“Medicaid now covers 1 in 4 Americans, but Congress may soon lock even more into an expensive program with inadequate access to doctors and poor health outcomes,” Brian Blase writes today in a Wall Street Journal op-ed, “The Next Medicaid Blowout.”
“One section of the $3.5 trillion bill Democrats are trying to push through Congress would create a new federal Medicaid program to cover mainly childless adults,” he explains.
A Galen senior fellow and president and founder of the new Paragon Health Institute, Blase writes “Democrats are frustrated that 12 states haven’t accepted the Affordable Care Act’s cash enticements to cover able-bodied childless adults in Medicaid.
“The reconciliation bill would give the health and human services secretary the ability to run a federal Medicaid expansion over state objections, starting in 2025. Before then, the feds would send subsidies directly to health insurers to cover this population in Affordable Care Act exchange plans.”
The new program would foist even more costs onto federal taxpayers. “The federal government will ostensibly pay 100% of the costs of the new federal Medicaid program,” but states that already have expanded the program may find that a better deal than the current arrangement that requires them to pay 10% of Medicaid costs.
Aside from creating a major new federal program without a single congressional hearing, “this won’t be good health coverage for the Americans who rely on it,” Blase writes.
“Medicaid expansion increases demand for healthcare but does nothing to increase the number of doctors or nurses who treat patients.
“Low Medicaid payment rates—about half of what private insurers pay for primary-care services—discourage doctors from participating,” he writes. “Perhaps most notably, obstetrician-gynecologists are 20% less likely to accept Medicaid in expansion states than in non-expansion states.

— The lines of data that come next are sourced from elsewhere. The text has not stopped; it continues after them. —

(* Let $\gamma_*\in(0,1]$ and $\zeta_*\in(0,1]$. Define for $t\in\mathbb{R}$ \[ \tilde f(t)=\frac{1}{\sqrt{2\pi}}\int_{-\infty}^t\Big[(1-\tfrac12\zeta_* )e^{-x^2/2}+\tfrac12\zeta_*e^{-(x-2\gamma_* )^2/2}-(1-\zeta_* )e^{-x^2/2}-\zeta_*e^{-(x-\gamma_* )^2/2}\Big]dx, \] and $f(t)=|\tilde f(t)|$. Let \[ t_+=\tfrac32\gamma_*+\tfrac{1}{\gamma_*}\log\left(1-\sqrt{1-e^{-\gamma_*^2}}\right),\qquad t_-=\tfrac32\gamma_*+\tfrac{1}{\gamma_*}\log\left(1+\sqrt{1-e^{-\gamma_*^2}}\right). \] Then the set of maximizers of $f$ over $\mathbb{R}$ is exactly $\{t_+,t_-\}$, and $\tilde f(t_+)>0$, $\tilde f(t_-)<0$. *)

From Stdlib Require Import Reals.
From Coquelicot Require Import Coquelicot.
Open Scope R_scope.

Definition integrand (g z x : R) : R :=
  (1 - z/2) * exp (- x^2 / 2) + z/2 * exp (- (x - 2*g)^2 / 2)
  - (1 - z) * exp (- x^2 / 2) - z * exp (- (x - g)^2 / 2).

Definition ftilde (g z t : R) : R :=
  / sqrt (2 * PI) * RInt_gen (integrand g z) (Rbar_locally m_infty) (at_point t).

Definition fabs (g z t : R) : R := Rabs (ftilde g z t).

Definition tplus (g : R) : R := 3/2 * g + / g * ln (1 - sqrt (1 - exp (- g^2))).
Definition tminus (g : R) : R := 3/2 * g + / g * ln (1 + sqrt (1 - exp (- g^2))).

From Stdlib Require Import Reals Lra.
From Coquelicot Require Import Coquelicot.
Open Scope R_scope.

(* Up to the factor [/ sqrt (2 * PI)], [ftilde] is the primitive
   [F t = z/2 (G t + G (t - 2g) - 2 G (t - g))] of the integrand, where [G] is
   the primitive of [exp (- x^2/2)] vanishing at 0.  As [G] is odd, [F] is
   antisymmetric about [g]: [F (2g - t) = - F t]; and [F] tends to 0 at [-oo]
   because it only involves integrals over windows of width [g].
   In the variable [u = exp (g t - 3 g^2/2)] the integrand is a positive multiple
   of [(u - 1)^2 - (1 - exp (- g^2))], so it is positive before [tplus] and
   negative between [tplus] and [tminus], with [tplus + tminus = 2g].  Hence [F]
   increases from 0 to its maximum at [tplus], decreases to the mirror value at
   [tminus], and [|F|] is strictly smaller everywhere else. *)

Definition gauss (x : R) : R := exp (- x^2 / 2).

Lemma gauss_pos (x : R) : 0 < gauss x.
Proof. apply exp_pos. Qed.

Lemma gauss_opp (x : R) : gauss (- x) = gauss x.
Proof. unfold gauss. now replace ((- x)^2) with (x^2) by ring. Qed.

Lemma continuous_gauss (x : R) : continuous gauss x.
Proof. apply (ex_derive_continuous (V := R_NormedModule)). unfold gauss. auto_derive. easy. Qed.

Lemma ex_RInt_gauss (a b : R) : ex_RInt gauss a b.
Proof.
  apply (ex_RInt_continuous (V := R_CompleteNormedModule)). intros; apply continuous_gauss.
Qed.

(* from [(x + 1)^2 >= 0] *)
Lemma gauss_le_exp (x : R) : gauss x <= exp (x + / 2).
Proof.
  unfold gauss.
  destruct (Rle_lt_or_eq_dec (- x^2 / 2) (x + / 2)) as [Hlt | ->].
  - pose proof (pow2_ge_0 (x + 1)). nra.
  - now left; apply exp_increasing.
  - now right.
Qed.

Lemma RInt_gauss_bound (a b : R) : a <= b -> 0 <= RInt gauss a b <= exp (b + / 2).
Proof.
  intros Hab. split.
  - apply RInt_ge_0; [easy | apply ex_RInt_gauss |].
    intros x _. left. apply gauss_pos.
  - assert (Hprim : is_RInt (fun x => exp (x + / 2)) a b (exp (b + / 2) - exp (a + / 2))).
    { apply (is_RInt_derive (fun x => exp (x + / 2))).
      - intros x _. auto_derive; [easy | ring].
      - intros x _. apply (ex_derive_continuous (V := R_NormedModule)). auto_derive. easy. }
    apply Rle_trans with (exp (b + / 2) - exp (a + / 2)).
    + rewrite <- (is_RInt_unique _ _ _ _ Hprim).
      apply RInt_le; [easy | apply ex_RInt_gauss | eexists; exact Hprim |].
      intros x _. apply gauss_le_exp.
    + pose proof (exp_pos (a + / 2)). lra.
Qed.

Lemma is_lim_RInt_gauss_window (a b : R) :
  a <= b -> is_lim (fun t => RInt gauss (t - b) (t - a)) m_infty 0.
Proof.
  intros Hab.
  assert (Hexp : is_lim (fun t => exp (/ 2 - a) * exp t) m_infty 0).
  { replace (Finite 0) with (Rbar_mult (exp (/ 2 - a)) 0) by (simpl; f_equal; ring).
    apply is_lim_scal_l, is_lim_exp_m. }
  apply (is_lim_le_le_loc (fun _ => 0) (fun t => exp (/ 2 - a) * exp t));
    [| apply is_lim_const | easy].
  apply filter_forall. intros t.
  rewrite <- exp_plus. replace (/ 2 - a + t) with (t - a + / 2) by ring.
  apply RInt_gauss_bound. lra.
Qed.

Definition gauss_prim (t : R) : R := RInt gauss 0 t.

Lemma is_derive_gauss_prim (t : R) : is_derive gauss_prim t (gauss t).
Proof.
  apply (is_derive_RInt gauss gauss_prim 0 t); [| apply continuous_gauss].
  apply filter_forall. intros u. apply (RInt_correct (V := R_CompleteNormedModule)), ex_RInt_gauss.
Qed.

Lemma gauss_prim_sub (a b : R) : gauss_prim b - gauss_prim a = RInt gauss a b.
Proof.
  unfold gauss_prim. rewrite <- (RInt_Chasles gauss 0 a b) by apply ex_RInt_gauss.
  change (plus ?x ?y) with (x + y). ring.
Qed.

Lemma gauss_prim_opp (t : R) : gauss_prim (- t) = - gauss_prim t.
Proof.
  unfold gauss_prim.
  assert (Hsub := RInt_comp_lin gauss (-1) 0 0 t).
  replace (-1 * 0 + 0) with 0 in Hsub by ring.
  replace (-1 * t + 0) with (- t) in Hsub by ring.
  rewrite <- Hsub by apply ex_RInt_gauss.
  rewrite <- (RInt_opp gauss) by apply ex_RInt_gauss.
  apply RInt_ext. intros x _.
  change (scal ?u ?v) with (u * v). change (opp ?v) with (- v).
  replace (-1 * x + 0) with (- x) by ring. rewrite gauss_opp.
  change (-1 * gauss x = - gauss x). ring.
Qed.

Definition integrand_prim (g z t : R) : R :=
  z / 2 * (gauss_prim t + gauss_prim (t - 2 * g) - 2 * gauss_prim (t - g)).

Lemma is_derive_integrand_prim (g z t : R) :
  is_derive (integrand_prim g z) t (integrand g z t).
Proof.
  unfold integrand_prim. auto_derive.
  - repeat split; eexists; apply is_derive_gauss_prim.
  - rewrite !(is_derive_unique _ _ _ (is_derive_gauss_prim _)).
    unfold integrand, gauss.
    replace (t + - (2 * g)) with (t - 2 * g) by ring.
    replace (t + - g) with (t - g) by ring.
    field.
Qed.

Lemma continuous_integrand (g z t : R) : continuous (integrand g z) t.
Proof. apply (ex_derive_continuous (V := R_NormedModule)). unfold integrand. auto_derive. easy. Qed.

Lemma integrand_prim_reflect (g z t : R) :
  integrand_prim g z (2 * g - t) = - integrand_prim g z t.
Proof.
  unfold integrand_prim.
  replace (2 * g - t) with (- (t - 2 * g)) by ring.
  replace (- (t - 2 * g) - 2 * g) with (- t) by ring.
  replace (- (t - 2 * g) - g) with (- (t - g)) by ring.
  rewrite !gauss_prim_opp. ring.
Qed.

Lemma is_lim_integrand_prim (g z : R) : 0 <= g -> is_lim (integrand_prim g z) m_infty 0.
Proof.
  intros Hg.
  apply is_lim_ext with
    (fun t => z / 2 * (RInt gauss (t - g) (t - 0) - RInt gauss (t - 2 * g) (t - g))).
  { intros t. rewrite <- !gauss_prim_sub. unfold integrand_prim.
    replace (t - 0) with t by ring. ring. }
  replace (Finite 0) with (Rbar_mult (z / 2) (0 - 0)) by (simpl; f_equal; ring).
  apply is_lim_scal_l, is_lim_minus'; apply is_lim_RInt_gauss_window; lra.
Qed.

Lemma ftilde_eq (g z t : R) :
  0 <= g -> ftilde g z t = / sqrt (2 * PI) * integrand_prim g z t.
Proof.
  intros Hg. unfold ftilde. f_equal.
  apply is_RInt_gen_unique.
  replace (integrand_prim g z t) with (integrand_prim g z t - 0) by ring.
  apply (is_RInt_gen_ext (Derive (integrand_prim g z))).
  { apply filter_forall. intros ab x _. apply is_derive_unique, is_derive_integrand_prim. }
  apply is_RInt_gen_Derive.
  - apply filter_forall. intros ab x _. eexists; apply is_derive_integrand_prim.
  - apply filter_forall. intros ab x _.
    apply (continuous_ext (integrand g z)); [| apply continuous_integrand].
    intros y. symmetry. apply is_derive_unique, is_derive_integrand_prim.
  - now apply is_lim_integrand_prim.
  - intros P HP. exact (locally_singleton _ _ HP).
Qed.

Definition tilt (g t : R) : R := exp (g * t - 3 / 2 * g^2).

Definition sroot (g : R) : R := sqrt (1 - exp (- g^2)).

Lemma sroot_sq (g : R) : sroot g ^ 2 = 1 - exp (- g^2).
Proof.
  unfold sroot. rewrite <- Rsqr_pow2. apply Rsqr_sqrt.
  assert (exp (- g^2) <= 1); [| lra].
  rewrite <- exp_0. destruct (Rle_lt_or_eq_dec (- g^2) 0) as [Hlt | ->].
  - pose proof (pow2_ge_0 g). lra.
  - now left; apply exp_increasing.
  - now right.
Qed.

Lemma sroot_bounds (g : R) : 0 < g -> 0 < sroot g < 1.
Proof.
  intros Hg. pose proof (sroot_sq g). pose proof (exp_pos (- g^2)).
  assert (0 < sroot g); [| nra].
  apply sqrt_lt_R0.
  assert (exp (- g^2) < exp 0) by (apply exp_increasing; nra).
  rewrite exp_0 in *. lra.
Qed.

Lemma integrand_factor (g z t : R) :
  integrand g z t = z / 2 * exp (- (t - g)^2 / 2) / tilt g t
    * ((tilt g t - (1 - sroot g)) * (tilt g t - (1 + sroot g))).
Proof.
  replace ((tilt g t - (1 - sroot g)) * (tilt g t - (1 + sroot g)))
    with (tilt g t ^ 2 - 2 * tilt g t + exp (- g^2)) by (pose proof (sroot_sq g); nra).
  unfold integrand, tilt.
  assert (Hleft : exp (- t^2 / 2)
    = exp (- (t - g)^2 / 2) * exp (- g^2) / exp (g * t - 3 / 2 * g^2)).
  { unfold Rdiv. rewrite <- exp_Ropp, <- !exp_plus. f_equal. field. }
  assert (Hright : exp (- (t - 2 * g)^2 / 2)
    = exp (- (t - g)^2 / 2) * exp (g * t - 3 / 2 * g^2)).
  { rewrite <- exp_plus. f_equal. field. }
  rewrite Hleft, Hright. pose proof (exp_pos (g * t - 3 / 2 * g^2)). field. lra.
Qed.

Lemma tilt_lt (g x y : R) : 0 < g -> x < y -> tilt g x < tilt g y.
Proof. intros Hg Hxy. apply exp_increasing. nra. Qed.

Lemma tilt_tplus (g : R) : 0 < g -> tilt g (tplus g) = 1 - sroot g.
Proof.
  intros Hg. pose proof (sroot_bounds g Hg).
  unfold tilt, tplus. fold (sroot g).
  replace (g * (3 / 2 * g + / g * ln (1 - sroot g)) - 3 / 2 * g^2)
    with (ln (1 - sroot g)) by (field; lra).
  apply exp_ln. lra.
Qed.

Lemma tilt_tminus (g : R) : 0 < g -> tilt g (tminus g) = 1 + sroot g.
Proof.
  intros Hg. pose proof (sroot_bounds g Hg).
  unfold tilt, tminus. fold (sroot g).
  replace (g * (3 / 2 * g + / g * ln (1 + sroot g)) - 3 / 2 * g^2)
    with (ln (1 + sroot g)) by (field; lra).
  apply exp_ln. lra.
Qed.

(* [tilt g tplus * tilt g tminus = 1 - sroot g ^ 2 = exp (- g^2)]. *)
Lemma tplus_add_tminus (g : R) : 0 < g -> tplus g + tminus g = 2 * g.
Proof.
  intros Hg.
  assert (Hprod : tilt g (tplus g) * tilt g (tminus g) = exp (- g^2)).
  { rewrite tilt_tplus, tilt_tminus by easy. pose proof (sroot_sq g). nra. }
  unfold tilt in Hprod. rewrite <- exp_plus in Hprod. apply exp_inv in Hprod.
  apply (Rmult_eq_reg_l g); [nra | lra].
Qed.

This statistic is especially worrisome since Medicaid pays for more than 40% of all U.S. births.” In the piece, Blase provides numerous examples of problems associated with the ACA’s Medicaid expansion.
He concludes: “There are better ways to help people in need. Medicaid should be targeted to help vulnerable patients, such as low-income pregnant women, children and those with disabilities. Other low-income individuals could be allowed to opt out and use the subsidies to buy the care or coverage of their choice.”